R.U.L.E.S. for a schedule you’ll enjoy
Cookie-cutter systems don’t work for most of us, but you can still follow some guidelines as you plan your week.
Because everyone is different and has different circumstances, we all need personalized solutions to our time and task management. We shouldn’t expect every cookie-cutter system to work for us.
There are some general guidelines that you can lean on, as you create a schedule or daily rhythms and routines that you enjoy within those guidelines.
R — what’s realistic and right for you is sustainable
We tend to overestimate (or underestimate) what we can do in a day. Taking some time to map out what your weekly schedule looks like will help you see how much time you have available to you — and plan accordingly.
My weekly task list template has five checkbox slots per day. Two for more important tasks that I can knock off when I have energy and focus in the morning, two for less important things that I can usually get done in the afternoon even if I’m not that focused or energetic, and one slot for self-care at the top. If I know from experience that a task will take longer, I don’t fill up all the slots.
Sometimes I finish early, sometimes I can’t get them all done that day — but they tend to work out on average.
Right for you
We spend so much time comparing ourselves to others and thinking that we gotta do all the things everyone else is doing. But if we do what everyone else does, we gather a lot of stuff to do that cannot fit just one person's life.
We’ve grown up in this society where there are many expectations that we’re supposed to meet and shoulds we’re supposed to do — or at least we perceive that we’re supposed to meet these expectations and should do the things. It’s easy to lose touch with what would actually feel right and good for us and what’s realistic considering our limits, resources, and capacity.
But I promise you can figure it out, and I think we are all capable of more than we give ourselves credit for. Heck, I actually think we aren’t giving ourselves enough credit for what we’re doing already.
U — understand what’s behind how you feel and act
Many coaches are talking about mindset blocks, limiting beliefs, and self-sabotage — but they don’t mention that those things aren’t just about you, the core you, somehow failing on purpose or choosing these negative thoughts.
They are actually the result of your nervous system, your brain trying to protect you from stress based on experiences you’ve acquired so far in your life.
Understanding why you feel a certain way allows you to be gentler with yourself when things don’t go as you’d like them to, enabling you to be more flexible.
How you feel is a symptom — not the problem. When you find the problem, you can course-correct and get closer to what feels right for you.
L — look for opportunities for changes
When we think that there’s no other way, that things have to be a certain way, that we have to be (or that we are) a certain way — it gets practically impossible for your brain to notice the opportunities that are right in front of you.
But if you remember to stay open, remember to not think in absolutes — and switch up your language to be more hopeful, that can change how your mind interprets your environment and opportunities.
If you catch yourself saying, “I never have time for self-care,” you can shift it to “I will look out for pockets of time when I might have time for self-care today.”
I generally advise my coaching clients that small shifts are good opportunities for change, because they’re easier to fit into our lives and easier to stick to. But Dr. Kyra Bobinet has found that what’s most important for sticking to new habits and routines isn’t as tied to how small or big the change is, but the fact that you keep a mindset that it’s ok to iterate on those things.

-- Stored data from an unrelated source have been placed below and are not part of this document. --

(* Let $n\ge4$. Let $U_n$ be the array obtained from $M_n$ by decreasing its $(2,2,2)$-entry by $1$ (all other entries unchanged). Then $U_n\in\mathcal C_n$, $U_n$ covers the minimum element $M_n$ in $(\mathcal C_n,\preceq)$ (so $U_n$ is join-irreducible), $\Xi^{-1}(U_n)_{2,2,2}=-1$, and hence $U_n\ne\Xi(H(L))$ for every Latin square $L\in\mathcal L_n$. Consequently $(\mathcal C_n,\preceq)$ is not the Dedekind–MacNeille completion of its subposet $\{\Xi(H(L)):L\in\mathcal L_n\}$.
   Context: Let $[n]=\{1,\dots,n\}$, $[0,n]=\{0,\dots,n\}$. A corner-sum hypermatrix of order $n$ is an integer array $C=(C_{i,j,k})_{i,j,k\in[0,n]}$ such that for all $i,j\in[0,n]$: $C_{i,j,0}=C_{i,0,j}=C_{0,i,j}=0$, $C_{i,j,n}=C_{i,n,j}=C_{n,i,j}=ij$, and for all $k\in[n]$ each of $C_{i,j,k}-C_{i,j,k-1}$, $C_{i,k,j}-C_{i,k-1,j}$, $C_{k,i,j}-C_{k-1,i,j}$ is an integer in $\{\max(0,i+j-n),\dots,\min(i,j)\}$. $\mathcal C_n$ is the set of these, ordered by $C\preceq D$ iff $C\ge D$ entrywise; its minimum is $M_n$ with $(M_n)_{i,j,k}=\min(k\min(i,j),\,ij-(n-k)\max(0,i+j-n))$. A Latin square of order $n$ is an $n\times n$ array over $[n]$ with each symbol once in each row and column; $\mathcal L_n$ is the set of them; $H(L)_{i,j,k}=1$ if $L_{i,j}=k$, else $0$. $\Xi(A)_{i,j,k}=\sum_{a\le i,b\le j,c\le k}A_{a,b,c}$ for $i,j,k\in[0,n]$, and $\Xi^{-1}(C)_{i,j,k}=C_{i,j,k}-C_{i-1,j,k}-C_{i,j-1,k}-C_{i,j,k-1}+C_{i-1,j-1,k}+C_{i-1,j,k-1}+C_{i,j-1,k-1}-C_{i-1,j-1,k-1}$ for $i,j,k\in[n]$. *)

From mathcomp Require Import all_boot all_order all_algebra.
Set Implicit Arguments. Unset Strict Implicit. Unset Printing Implicit Defensive.
Import Order.TTheory GRing.Theory Num.Theory.
Local Open Scope ring_scope.

(* Integer arrays indexed by [0,n]^3 (ordinals 'I_n.+1 represent 0..n). *)
Definition arr (n : nat) := {ffun 'I_n.+1 * 'I_n.+1 * 'I_n.+1 -> int}.

(* Entry access with natural-number indices (0 outside [0,n]^3; never used there). *)
Definition ent (n : nat) (C : arr n) (i j k : nat) : int :=
  if [&& (i <= n)%N, (j <= n)%N & (k <= n)%N]
  then C (inord i, inord j, inord k) else 0.

Definition mk_arr (n : nat) (f : nat -> nat -> nat -> int) : arr n :=
  [ffun t => f (nat_of_ord t.1.1) (nat_of_ord t.1.2) (nat_of_ord t.2)].

(* x lies in {max(0,i+j-n), ..., min(i,j)} ; max(0,i+j-n) = truncated (i+j-n)%N *)
Definition in_bounds (n i j : nat) (x : int) : Prop :=
  ((i + j - n)%N%:Z <= x) /\ (x <= (minn i j)%:Z).

Definition is_csh (n : nat) (C : arr n) : Prop :=
  forall i j : nat, (i <= n)%N -> (j <= n)%N ->
    [/\ [/\ ent C i j 0 = 0, ent C i 0 j = 0 & ent C 0 i j = 0],
        [/\ ent C i j n = (i * j)%N%:Z, ent C i n j = (i * j)%N%:Z &
             ent C n i j = (i * j)%N%:Z] &
        forall k : nat, (0 < k)%N -> (k <= n)%N ->
          [/\ in_bounds n i j (ent C i j k - ent C i j k.-1),
              in_bounds n i j (ent C i k j - ent C i k.-1 j) &
              in_bounds n i j (ent C k i j - ent C k.-1 i j)]].

Definition preceq (n : nat) (C D : arr n) : Prop := forall t, D t <= C t.

Definition Mn (n : nat) : arr n :=
  mk_arr n (fun i j k =>
    Order.min ((k * minn i j)%N%:Z) ((i * j)%N%:Z - ((n - k) * (i + j - n))%N%:Z)).

Definition Un (n : nat) : arr n :=
  mk_arr n (fun i j k =>
    ent (Mn n) i j k - (if [&& i == 2%N, j == 2%N & k == 2%N] then 1 else 0)).

Definition covers (n : nat) (C D : arr n) : Prop :=
  [/\ is_csh C, is_csh D, preceq C D, C <> D &
      forall E : arr n, is_csh E -> preceq C E -> preceq E D -> E = C \/ E = D].

Definition is_lub2 (n : nat) (A B X : arr n) : Prop :=
  [/\ is_csh X, preceq A X, preceq B X &
      forall Y : arr n, is_csh Y -> preceq A Y -> preceq B Y -> preceq X Y].

Definition join_irreducible (n : nat) (X : arr n) : Prop :=
  [/\ is_csh X,
      exists Y : arr n, is_csh Y /\ ~ preceq X Y &
      forall A B : arr n, is_csh A -> is_csh B -> is_lub2 A B X -> A = X \/ B = X].

Definition Xiinv (n : nat) (C : arr n) (i j k : nat) : int :=
  ent C i j k - ent C i.-1 j k - ent C i j.-1 k - ent C i j k.-1
  + ent C i.-1 j.-1 k + ent C i.-1 j k.-1 + ent C i j.-1 k.-1
  - ent C i.-1 j.-1 k.-1.

(* Latin squares of order n: L (i-1, j-1) = k-1 encodes L_{i,j} = k with i,j,k in [n]. *)
Definition latin (n : nat) := {ffun 'I_n * 'I_n -> 'I_n}.

Definition is_latin (n : nat) (L : latin n) : Prop :=
  (forall (i k : 'I_n), #|[set j : 'I_n | L (i, j) == k]| = 1%N) /\
  (forall (j k : 'I_n), #|[set i : 'I_n | L (i, j) == k]| = 1%N).

(* H(L) with 0-based ordinal indices: H(L)_{a+1,b+1,c+1} = Hent L a b c. *)
Definition Hent (n : nat) (L : latin n) (a b c : 'I_n) : int :=
  if L (a, b) == c then 1 else 0.

(* Xi(H(L)) as an array on [0,n]^3: entry (i,j,k) = sum over 1-based a<=i, b<=j, c<=k,
   i.e. over 0-based ordinals a < i, b < j, c < k. *)
Definition XiH (n : nat) (L : latin n) : arr n :=
  mk_arr n (fun i j k =>
    \sum_(a : 'I_n | (a < i)%N) \sum_(b : 'I_n | (b < j)%N)
      \sum_(c : 'I_n | (c < k)%N) Hent L a b c).

Definition upper_in (T : Type) (le : T -> T -> Prop) (S A : T -> Prop) : T -> Prop :=
  fun s => S s /\ forall a, A a -> le a s.
Definition lower_in (T : Type) (le : T -> T -> Prop) (S A : T -> Prop) : T -> Prop :=
  fun s => S s /\ forall a, A a -> le s a.
Definition is_cut (T : Type) (le : T -> T -> Prop) (S A : T -> Prop) : Prop :=
  (forall a, A a -> S a) /\
  (forall s, A s <-> lower_in le S (upper_in le S A) s).

(* (P, le) is the Dedekind–MacNeille completion of its subposet S: there is an
   order isomorphism phi from P onto the lattice of cuts of S (ordered by
   inclusion) sending each s in S to its principal cut {t in S | t <= s}. *)
Definition is_DM_completion (T : Type) (P : T -> Prop) (le : T -> T -> Prop)
    (S : T -> Prop) : Prop :=
  exists phi : T -> T -> Prop,
    [/\ forall x, P x -> is_cut le S (phi x),
        forall x y, P x -> P y -> (le x y <-> forall s, phi x s -> phi y s),
        forall A, is_cut le S A -> exists x, P x /\ forall s, phi x s <-> A s &
        forall s, S s -> forall t, phi s t <-> (S t /\ le t s)].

This brings me to the next letter –
E — take it all as an experiment
Leave self-judgment at the door and stay curious about when things don’t go according to plan. Ask yourself;
What can I learn from this?
What are my feelings telling me?
Like an experimenter, allow yourself to keep tweaking and adjusting based on what you experience — and to iterate again when something that used to work isn’t working anymore.
S — schedule your priorities
We tend to schedule our commitments and responsibilities that have to do with other people. At the same time, we leave self-care and personal projects, activities, and tasks to be done in the margins of everything else. This often leads to not getting to those things because there never seems to be enough time between our other responsibilities.
Always schedule some of your priorities into your week before scheduling everything else.
R — what’s realistic and right for you is best
U —have an understanding of how you act and feel
L — look for opportunities
E — allow yourself to experiment
S — schedule your priorities
That’s it — that’s how you can follow certain guidelines to create a schedule (and life?) you enjoy, without it feeling that you’re following rigid rules.